== Segment start ==

(* Let $G$ be a connected graph on $n$ nodes. Let $v_1,\dots,v_\ell\in\mathbb R^n$ and $\lambda_1,\dots,\lambda_\ell\ge0$ with $\sum_i\lambda_i=1$, and put $v=\sum_{i=1}^\ell\lambda_iv_i$. Let $v(t)$ denote the state of the averaging process started from $v$, and $v_i(t)$ the state of the process started from $v_i$; let $\bar v$ and $\bar v_i$ be the corresponding constant vectors of averages. Then for every $t\ge0$, $$\mathbb E\|v(t)-\bar v\|_1\;\le\;\sum_{i=1}^\ell\lambda_i\,\mathbb E\|v_i(t)-\bar v_i\|_1 .$$
   Context: The averaging process on a finite, undirected, connected graph $G=(V,E)$, $V=\{1,\dots,n\}$: the state vector $v(t)\in\mathbb R^n$, $t=0,1,2,\dots$, starts from a given $v(0)$; at each step $t\ge 1$ an edge $\{i,j\}\in E$ is chosen uniformly at random (independently of all previous choices) and both $v_i$ and $v_j$ are replaced by $(v_i+v_j)/2$, all other coordinates unchanged. For an initial vector $w$, its constant vector of averages is $\bar w=(a,\dots,a)^T$ with $a=\frac1n\sum_j w_j$. *)

From mathcomp Require Import all_boot all_order all_algebra.
Set Implicit Arguments. Unset Strict Implicit. Unset Printing Implicit Defensive.
Import Order.TTheory GRing.Theory Num.Theory.
Local Open Scope ring_scope.

Definition simple_graph (n : nat) (adj : rel 'I_n) : Prop :=
  irreflexive adj /\ symmetric adj.
Definition connected_graph (n : nat) (adj : rel 'I_n) : Prop :=
  forall i j : 'I_n, connect adj i j.

(* Edge set E: each undirected edge {i,j} represented once as (i,j), i < j. *)
Definition edges (n : nat) (adj : rel 'I_n) : {set 'I_n * 'I_n} :=
  [set p : 'I_n * 'I_n | (val p.1 < val p.2)%N && adj p.1 p.2].

Definition avg_step (R : realFieldType) (n : nat) (e : 'I_n * 'I_n)
  (v : 'I_n -> R) : 'I_n -> R :=
  fun k => if (k == e.1) || (k == e.2) then (v e.1 + v e.2) / 2 else v k.

Definition run (R : realFieldType) (n : nat) (v : 'I_n -> R)
  (s : seq ('I_n * 'I_n)) : 'I_n -> R :=
  foldl (fun w e => avg_step e w) v s.

Definition avgvec (R : realFieldType) (n : nat) (w : 'I_n -> R) : 'I_n -> R :=
  fun _ => (\sum_j w j) / n%:R.

Definition norm1 (R : realFieldType) (n : nat) (w : 'I_n -> R) : R :=
  \sum_k `|w k|.

(* Expectation of F(v(t)) where v(t) is the state of the averaging process
   after t steps started from v: the t edges are i.i.d. uniform on E, so the
   law of the edge sequence is uniform on E^t. *)
Definition expect_at (R : realFieldType) (n : nat) (adj : rel 'I_n) (t : nat)
  (v : 'I_n -> R) (F : ('I_n -> R) -> R) : R :=
  ((#|edges adj| ^ t)%:R)^-1 *
  \sum_(s : t.-tuple ('I_n * 'I_n) | all (mem (edges adj)) s) F (run v s).

From mathcomp Require Import all_boot all_order all_algebra.
Set Implicit Arguments. Unset Strict Implicit. Unset Printing Implicit Defensive.
Import Order.TTheory GRing.Theory Num.Theory.
Local Open Scope ring_scope.

(* Couple all the processes through the same edge sequence.  For a fixed
   sequence of edges the process and the averaging map are linear in the
   initial state, so v(t) - vbar is the lambda-combination of the
   v_i(t) - vbar_i; the triangle inequality for the l1 norm then holds for
   every edge sequence, and averaging over the sequences preserves it. *)

Section Combination.

Variables (R : realFieldType) (n l : nat) (lam : 'I_l -> R).

Definition comb (vs : 'I_l -> 'I_n -> R) : 'I_n -> R :=
  fun k => \sum_i lam i * vs i k.

Lemma eq_run s {v w : 'I_n -> R} : v =1 w -> run v s =1 run w s.
Proof.
elim: s v w => [|e s IHs] v w vw //=.
by apply: IHs => k; rewrite /avg_step !vw.
Qed.

Lemma avg_step_comb e vs : avg_step e (comb vs) =1 comb (fun i => avg_step e (vs i)).
Proof.
move=> k; rewrite /avg_step /comb; case: ifP => // _.
rewrite -big_split /= mulr_suml; apply: eq_bigr => i _.
by rewrite -mulrDr mulrA.
Qed.

Lemma run_comb s vs : run (comb vs) s =1 comb (fun i => run (vs i) s).
Proof.
elim: s vs => [|e s IHs] vs //= k.
by rewrite (eq_run s (avg_step_comb e vs)) IHs.
Qed.

Lemma avgvec_comb vs : avgvec (comb vs) =1 comb (fun i => avgvec (vs i)).
Proof.
move=> k; rewrite /avgvec /comb exchange_big /= mulr_suml.
by apply: eq_bigr => i _; rewrite -mulr_sumr mulrA.
Qed.

Lemma deviation_comb s vs :
  (fun k => run (comb vs) s k - avgvec (comb vs) k)
  =1 comb (fun i k => run (vs i) s k - avgvec (vs i) k).
Proof.
move=> k; rewrite run_comb avgvec_comb /comb -sumrB.
by apply: eq_bigr => i _; rewrite mulrBr.
Qed.

Lemma expect_at_comb_le (adj : rel 'I_n) t vs F (G : 'I_l -> ('I_n -> R) -> R) :
  (forall s, F (run (comb vs) s) <= \sum_i lam i * G i (run (vs i) s)) ->
  expect_at adj t (comb vs) F <= \sum_i lam i * expect_at adj t (vs i) (G i).
Proof.
move=> FG; rewrite /expect_at.
under [leRHS]eq_bigr => i _ do rewrite mulrCA mulr_sumr.
rewrite -mulr_sumr ler_wpM2l ?invr_ge0 ?ler0n //.
by rewrite [leRHS]exchange_big; apply: ler_sum => s _.
Qed.

Hypothesis lam_ge0 : forall i, 0 <= lam i.

Lemma norm1_comb_le (ws : 'I_l -> 'I_n -> R) :
  norm1 (comb ws) <= \sum_i lam i * norm1 (ws i).
Proof.
rewrite /norm1 /comb; under [leRHS]eq_bigr => i _ do rewrite mulr_sumr.
rewrite [leRHS]exchange_big; apply: ler_sum => k _.
apply: le_trans (ler_norm_sum _ _ _) _.
by apply: ler_sum => i _; rewrite normrM ger0_norm.
Qed.

End Combination.

Theorem proposition2 (R : realFieldType) (n : nat) (adj : rel 'I_n)
  (Hg : simple_graph adj) (Hc : connected_graph adj)
  (l : nat) (vs : 'I_l -> 'I_n -> R) (lam : 'I_l -> R)
  (Hlam0 : forall i, 0 <= lam i) (Hlam1 : \sum_i lam i = 1) (t : nat) :
  let v : 'I_n -> R := fun k => \sum_i lam i * vs i k in
  expect_at adj t v (fun w => norm1 (fun k => w k - avgvec v k))
  <= \sum_i lam i *
       expect_at adj t (vs i) (fun w => norm1 (fun k => w k - avgvec (vs i) k)).
Proof.
apply: (@expect_at_comb_le _ _ _ lam adj t vs _
  (fun i w => norm1 (fun k => w k - avgvec (vs i) k))) => s.
apply: le_trans (norm1_comb_le Hlam0 _).
rewrite le_eqVlt; apply/orP; left; apply/eqP.
by rewrite /norm1; apply: eq_bigr => k _; rewrite (deviation_comb lam s vs k).
Qed.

== Segment end ==

• _What to work on_: Lines wanted from the listing above: the line with "Definition expect_at (R" up to and including the line with "(* Couple all". Please write them out exactly, adding nothing else.

• _Response below_:
Definition expect_at (R : realFieldType) (n : nat) (adj : rel 'I_n) (t : nat)
  (v : 'I_n -> R) (F : ('I_n -> R) -> R) : R :=
  ((#|edges adj| ^ t)%:R)^-1 *
  \sum_(s : t.-tuple ('I_n * 'I_n) | all (mem (edges adj)) s) F (run v s).

From mathcomp Require Import all_boot all_order all_algebra.
Set Implicit Arguments. Unset Strict Implicit. Unset Printing Implicit Defensive.
Import Order.TTheory GRing.Theory Num.Theory.
Local Open Scope ring_scope.

(* Couple all the processes through the same edge sequence.  For a fixed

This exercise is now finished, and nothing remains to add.